To make sure that we do not have any stale data in the Push Gateway, we should delete old data. According to my knowledge it’s only possible to delete all data under a grouping key, so we should delete all data and then ingest all new data. In order to avoid Prometheus collecting the empty data while we are still (slowly) scraping, we will change the structure of the script a bit: At first we will scrape all values, then we will ingest all values into Prometheus.

import logging
import requests
import lxml.html
import time


logging.basicConfig(level=logging.INFO)

# Scrape the prices
urls = [
    ('https://stocks.example.com/Alphabet_Inc', 'GOOGL'),
]

prices = {}

for url, symbol in urls:
    response = requests.get(url)
    tree = lxml.html.fromstring(response.text)
    elem = tree.cssselect('#stock-price')[0]
    price = float(elem.text_content())
    logging.info(f'Price of stock is {price}')
    prices[symbol] = price

    time.sleep(1)  # sleep a bit to not query too fast

# Delete old data and ingest new data
payload = []
payload.append('# TYPE stock_price gauge')
for symbol, price in prices.items():
    payload.append('stock_price{sym="%s"} %f' % (symbol, price))

requests.delete('http://localhost:9091/metrics/job/stocks-data')

try:
    requests.post(
        'http://localhost:9091/metrics/job/stocks-data',
        data='\n'.join(payload) + '\n')
except IOError:
    logging.error(f'Could not push price of {url} to stock')

If your Prometheus is already configured to scrape the Push Gateway, you will see your metrics in Prometheus in the next few minutes. You can make sure that Prometheus scrapes the Push Gateway by checking whether the following section is a scrape target in your Prometheus configuration:

- job_name: 'pushgateway'
  static_configs:
  - targets:
    - 'localhost:9091'

Finally, we can add a new panel in Grafana and retrieve the data from our label with stock_price{sym="GOOGL"}. For alerting you must first create a notification channel. I have a setup an e-mail notification channel, but you can also have other notification channels like Telegram messenger.

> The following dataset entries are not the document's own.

(* For every permutation $\sigma$ and every Cayley permutation $y$, $$\mathrm{Flat}(\sigma)=\gamma\bigl(\mathrm{RGF}[\sigma^{-1}]\bigr)\qquad\text{and}\qquad\gamma\bigl(\mathrm{RGF}[y]\bigr)=\mathrm{Flat}\bigl(\gamma(y)\bigr).$$ In particular $|\mathrm{Flat}_n(\sigma)|=|\mathrm{RGF}_n[\sigma^{-1}]|$ for every $n$.
   Context: A Cayley permutation of length $n$ is a word of positive integers in which every integer from $1$ to its maximum occurs. Containment $y\le x$: there are indices $i_1<\dots<i_k$ ($k$ the length of $y$) with $x(i_s)<x(i_t)\iff y(s)<y(t)$ and $x(i_s)=x(i_t)\iff y(s)=y(t)$; otherwise $x$ avoids $y$. For $x$ of length $n$, $\gamma(x)$ is the permutation of $[n]$ obtained by sorting the pairs $(x(i),i)$ increasingly by first coordinate, ties by decreasing second coordinate, and reading off the second coordinates; $\gamma(E)=\{\gamma(x):x\in E\}$. $x\sim y$ iff $\gamma(x)=\gamma(y)$; $[y]$ is the class of $y$; for a set $E$ of Cayley permutations, $E[y]$ is the set of elements of $E$ avoiding every element of $[y]$. $\mathrm{RGF}_n$ (restricted growth functions) is the set of Cayley permutations $x$ of length $n$ with $x(1)=1$ (if $n\ge1$) and $x(i+1)\le\max\{x(1),\dots,x(i)\}+1$ for $1\le i<n$; $\mathrm{RGF}=\bigcup_n\mathrm{RGF}_n$. $\mathrm{Flat}$ is the set of permutations avoiding the vincular pattern $23\text{-}1$, i.e. permutations $\pi$ with no indices $i$ and $k>i+1$ such that $\pi(k)<\pi(i)<\pi(i+1)$; $\mathrm{Flat}_n(\sigma)$ is the set of elements of $\mathrm{Flat}$ of length $n$ avoiding $\sigma$. *)

From mathcomp Require Import all_boot.
From mathcomp Require Import boolp.

Set Implicit Arguments.
Unset Strict Implicit.
Unset Printing Implicit Defensive.

(* Words of positive integers are represented as [seq nat]; positions are
   0-based internally (position i of the seq is position i+1 of the paper). *)

Definition wmax (x : seq nat) : nat := foldr maxn 0 x.

Definition is_cayley (x : seq nat) : Prop :=
  (forall i, i < size x -> 0 < nth 0 x i) /\
  (forall k, 1 <= k <= wmax x -> k \in x).

Definition is_perm (s : seq nat) : Prop := is_cayley s /\ uniq s.

Definition perm_inv (s : seq nat) : seq nat :=
  [seq (index v s).+1 | v <- iota 1 (size s)].

Definition order_iso (z y : seq nat) : Prop :=
  size z = size y /\
  forall s t, s < size y -> t < size y ->
    ((nth 0 z s < nth 0 z t) <-> (nth 0 y s < nth 0 y t)) /\
    ((nth 0 z s = nth 0 z t) <-> (nth 0 y s = nth 0 y t)).

Definition contains (x y : seq nat) : Prop :=
  exists m : bitseq, size m = size x /\ order_iso (mask m x) y.

Definition avoids (x y : seq nat) : Prop := ~ contains x y.

Definition gamma_rel (p q : nat * nat) : bool :=
  (p.1 < q.1) || ((p.1 == q.1) && (q.2 <= p.2)).

Definition gamma (x : seq nat) : seq nat :=
  [seq p.2 | p <- sort gamma_rel (zip x (iota 1 (size x)))].

Definition gamma_img (E : seq nat -> Prop) : seq nat -> Prop :=
  fun pi => exists x, E x /\ gamma x = pi.

Definition avoid_class (E : seq nat -> Prop) (y : seq nat) : seq nat -> Prop :=
  fun x => E x /\ forall z, is_cayley z -> gamma z = gamma y -> avoids x z.

Definition is_rgf (x : seq nat) : Prop :=
  is_cayley x /\
  (0 < size x -> nth 0 x 0 = 1) /\
  (forall i, 1 <= i < size x -> nth 0 x i <= (wmax (take i x)).+1).

(* Flattened permutations: avoid the vincular pattern 23-1. *)
Definition is_flat (pi : seq nat) : Prop :=
  is_perm pi /\
  ~ (exists i k, i.+1 < k /\ k < size pi /\
        nth 0 pi k < nth 0 pi i /\ nth 0 pi i < nth 0 pi i.+1).

Definition Flat (sigma : seq nat) : seq nat -> Prop :=
  fun pi => is_flat pi /\ avoids pi sigma.

(* Number of words of length n in E, for E a set of Cayley permutations
   (whose elements of length n have all entries in 1..n, hence are
   faithfully encoded by n-tuples over 'I_(n+1)). *)
Definition count_len (E : seq nat -> Prop) (n : nat) : nat :=
  #|[set t : n.-tuple 'I_n.+1 | `[< E [seq val i | i <- t] >] ]|.

(* On restricted growth functions, [gamma] is injective with image exactly
   the flattened permutations: if [pi = gamma x] for an RGF [x], the entry of
   [x] at position [pi j] is one plus the number of ascents of [pi] before [j];
   conversely this formula turns a flattened permutation into an RGF, the
   absence of [23-1] being what makes the growth condition hold.  Moreover
   [gamma] transports containment in both directions: an occurrence of [z] in
   [x] gives an occurrence of [gamma z] in [gamma x], and every occurrence of a
   pattern in [gamma x] is [gamma] of a subword of [x].  So [x] avoids the
   class of [y] iff [gamma x] avoids [gamma y], and [gamma (sigma^-1) = sigma]
   for a permutation [sigma]. *)

From mathcomp Require Import all_boot.
From mathcomp Require Import zify boolp.

Set Implicit Arguments.
Unset Strict Implicit.
Unset Printing Implicit Defensive.

Lemma leq_wmax x v : v \in x -> v <= wmax x.
Proof.
elim: x => //= a x IH; rewrite in_cons => /orP [/eqP ->|/IH h].
  by rewrite leq_maxl.
by rewrite (leq_trans h) // leq_maxr.
Qed.

Lemma wmax_leq x b : (forall v, v \in x -> v <= b) -> wmax x <= b.
Proof.
elim: x => //= a x IH h; rewrite geq_max h ?mem_head //.
by apply: IH => v hv; apply: h; rewrite in_cons hv orbT.
Qed.

Lemma wmax_in x : 0 < size x -> wmax x \in x.
Proof.
elim: x => // a [|b x] IH _; first by rewrite /= maxn0 mem_head.
rewrite /= in_cons -/(wmax (b :: x)).
by case: (leqP a (wmax (b :: x))) => _; rewrite ?eqxx ?IH ?orbT.
Qed.

(* [entry x p] is the entry of [x] at the 1-based position [p], the indexing
   of the paper, in which [gamma x] lists positions. *)
Definition entry (x : seq nat) (p : nat) := nth 0 x p.-1.

Lemma map_entry_iota x : map (entry x) (iota 1 (size x)) = x.
Proof.
apply: (eq_from_nth (x0 := 0)); rewrite size_map size_iota // => i hi.
by rewrite (nth_map 0) ?size_iota // nth_iota.
Qed.

Lemma mask_entry x m : mask m x = map (entry x) (mask m (iota 1 (size x))).
Proof. by rewrite map_mask map_entry_iota. Qed.

Lemma entry_mem x p : 0 < p <= size x -> entry x p \in x.
Proof. by case: p => // p hp; rewrite /entry /= mem_nth. Qed.

Lemma entry_onto x v : v \in x -> exists2 p, 0 < p <= size x & entry x p = v.
Proof.
by move=> vx; exists (index v x).+1; rewrite ?index_mem // /entry nth_index.
Qed.

Definition gamma_le (x : seq nat) : rel nat :=
  fun p q => gamma_rel (entry x p, p) (entry x q, q).

Lemma zip_iota x m :
  zip x (iota m (size x)) = [seq (nth 0 x (p - m), p) | p <- iota m (size x)].
Proof.
elim: x m => //= a x IH m; rewrite subnn IH; congr (_ :: _).
apply/eq_in_map => p; rewrite mem_iota => /andP [h1 _].
by rewrite [p - m](_ : _ = (p - m.+1).+1) //; lia.
Qed.

Lemma gammaE x : gamma x = sort (gamma_le x) (iota 1 (size x)).
Proof.
rewrite /gamma zip_iota sort_map -map_comp map_id; congr sort.
by apply/funext => p; apply/funext => q; rewrite /gamma_le /entry /= !subn1.
Qed.

Lemma gamma_rel_total : total gamma_rel.
Proof.
move=> [a p] [b q]; rewrite /gamma_rel /=.
by case: (ltngtP a b) => //= _; exact: leq_total.
Qed.

Lemma gamma_rel_trans : transitive gamma_rel.
Proof.
move=> [b q] [a p] [c r]; rewrite /gamma_rel /=.
case/orP=> [h1|/andP[/eqP e1 h1]]; case/orP=> [h2|/andP[/eqP e2 h2]].
- by rewrite (ltn_trans h1 h2).
- by rewrite -e2 h1.
- by rewrite e1 h2.
- by rewrite e1 e2 eqxx (leq_trans h2 h1) orbT.
Qed.

Lemma gamma_rel_anti : antisymmetric gamma_rel.
Proof.
move=> [a p] [b q]; rewrite /gamma_rel /=.
case: (ltngtP a b) => [//|//|->] h.
by rewrite (@anti_leq p q) // andbC.
Qed.

Lemma gamma_le_total x : total (gamma_le x).
Proof. by move=> p q; exact: gamma_rel_total. Qed.

Lemma gamma_le_trans x : transitive (gamma_le x).
Proof. by move=> q p r; exact: gamma_rel_trans. Qed.

Lemma gamma_le_anti x : antisymmetric (gamma_le x).
Proof. by move=> p q /gamma_rel_anti []. Qed.

Lemma gamma_le_refl x : reflexive (gamma_le x).
Proof. by move=> p; rewrite /gamma_le /gamma_rel /= eqxx leqnn orbT. Qed.

Lemma perm_gamma_iota x : perm_eq (gamma x) (iota 1 (size x)).
Proof. by rewrite gammaE perm_sort. Qed.

Lemma sorted_gamma x : sorted (gamma_le x) (gamma x).
Proof. by rewrite gammaE; apply: sort_sorted; apply: gamma_le_total. Qed.

Lemma size_gamma x : size (gamma x) = size x.
Proof. by rewrite (perm_size (perm_gamma_iota x)) size_iota. Qed.

Lemma uniq_gamma x : uniq (gamma x).
Proof. by rewrite (perm_uniq (perm_gamma_iota x)) iota_uniq. Qed.

Lemma mem_gamma x p : (p \in gamma x) = (0 < p <= size x).
Proof. by rewrite (perm_mem (perm_gamma_iota x)) mem_iota add1n ltnS. Qed.

Lemma sorted_gamma_le_sort x s t :
  sorted (gamma_le x) s -> perm_eq s t -> s = sort (gamma_le x) t.
Proof.
move=> ss pst; apply: (sorted_eq (@gamma_le_trans x) (@gamma_le_anti x)) => //.
  by apply: sort_sorted; apply: gamma_le_total.
by rewrite perm_sym perm_sort perm_sym.
Qed.

Lemma cayley_gt0 x v : is_cayley x -> v \in x -> 0 < v.
Proof. by move=> [h _] vx; rewrite -(nth_index 0 vx) h // index_mem. Qed.

Lemma cayley_wmax_size x : is_cayley x -> wmax x <= size x.
Proof.
move=> cx; rewrite -[wmax x](size_iota 1).
apply: uniq_leq_size; first exact: iota_uniq.
by move=> k; rewrite mem_iota => hk; apply: cx.2; lia.
Qed.

Lemma perm_iota_cayley s n : perm_eq s (iota 1 n) -> is_cayley s.
Proof.
move=> ps; split.
  move=> i hi; have: nth 0 s i \in iota 1 n by rewrite -(perm_mem ps) mem_nth.
  by rewrite mem_iota => /andP[].
move=> k /andP [k1 kw]; rewrite (perm_mem ps) mem_iota k1 /=.
have : wmax s <= n.
  by apply: wmax_leq => v; rewrite (perm_mem ps) mem_iota; lia.
lia.
Qed.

Go back to the panel of your stock and switch to the Alert tab. There you can now create an alert to get informed once the stock crosses a defined threshold. I usually use the outside range option and define both an upper and a lower threshold. That way I can keep an eye on my stocks without having to manually watch them each day.

Creating an alert for the stock price

Finally, one more metric we might want to watch is push_time_seconds. This metric can show us when any data for our grouping key was last pushed successfully to the Push Gateway. This helps us to determine whether our script runs at all. That’s important, because if the script does not run at all it also does not delete old data and Grafana will show fine stock prices!

So, create a new panel with the query time() - push_time_seconds{exported_job="stocks-data"}. This will give us the number of seconds since the last successful push. Set an alert to a bit higher than the interval time of your script.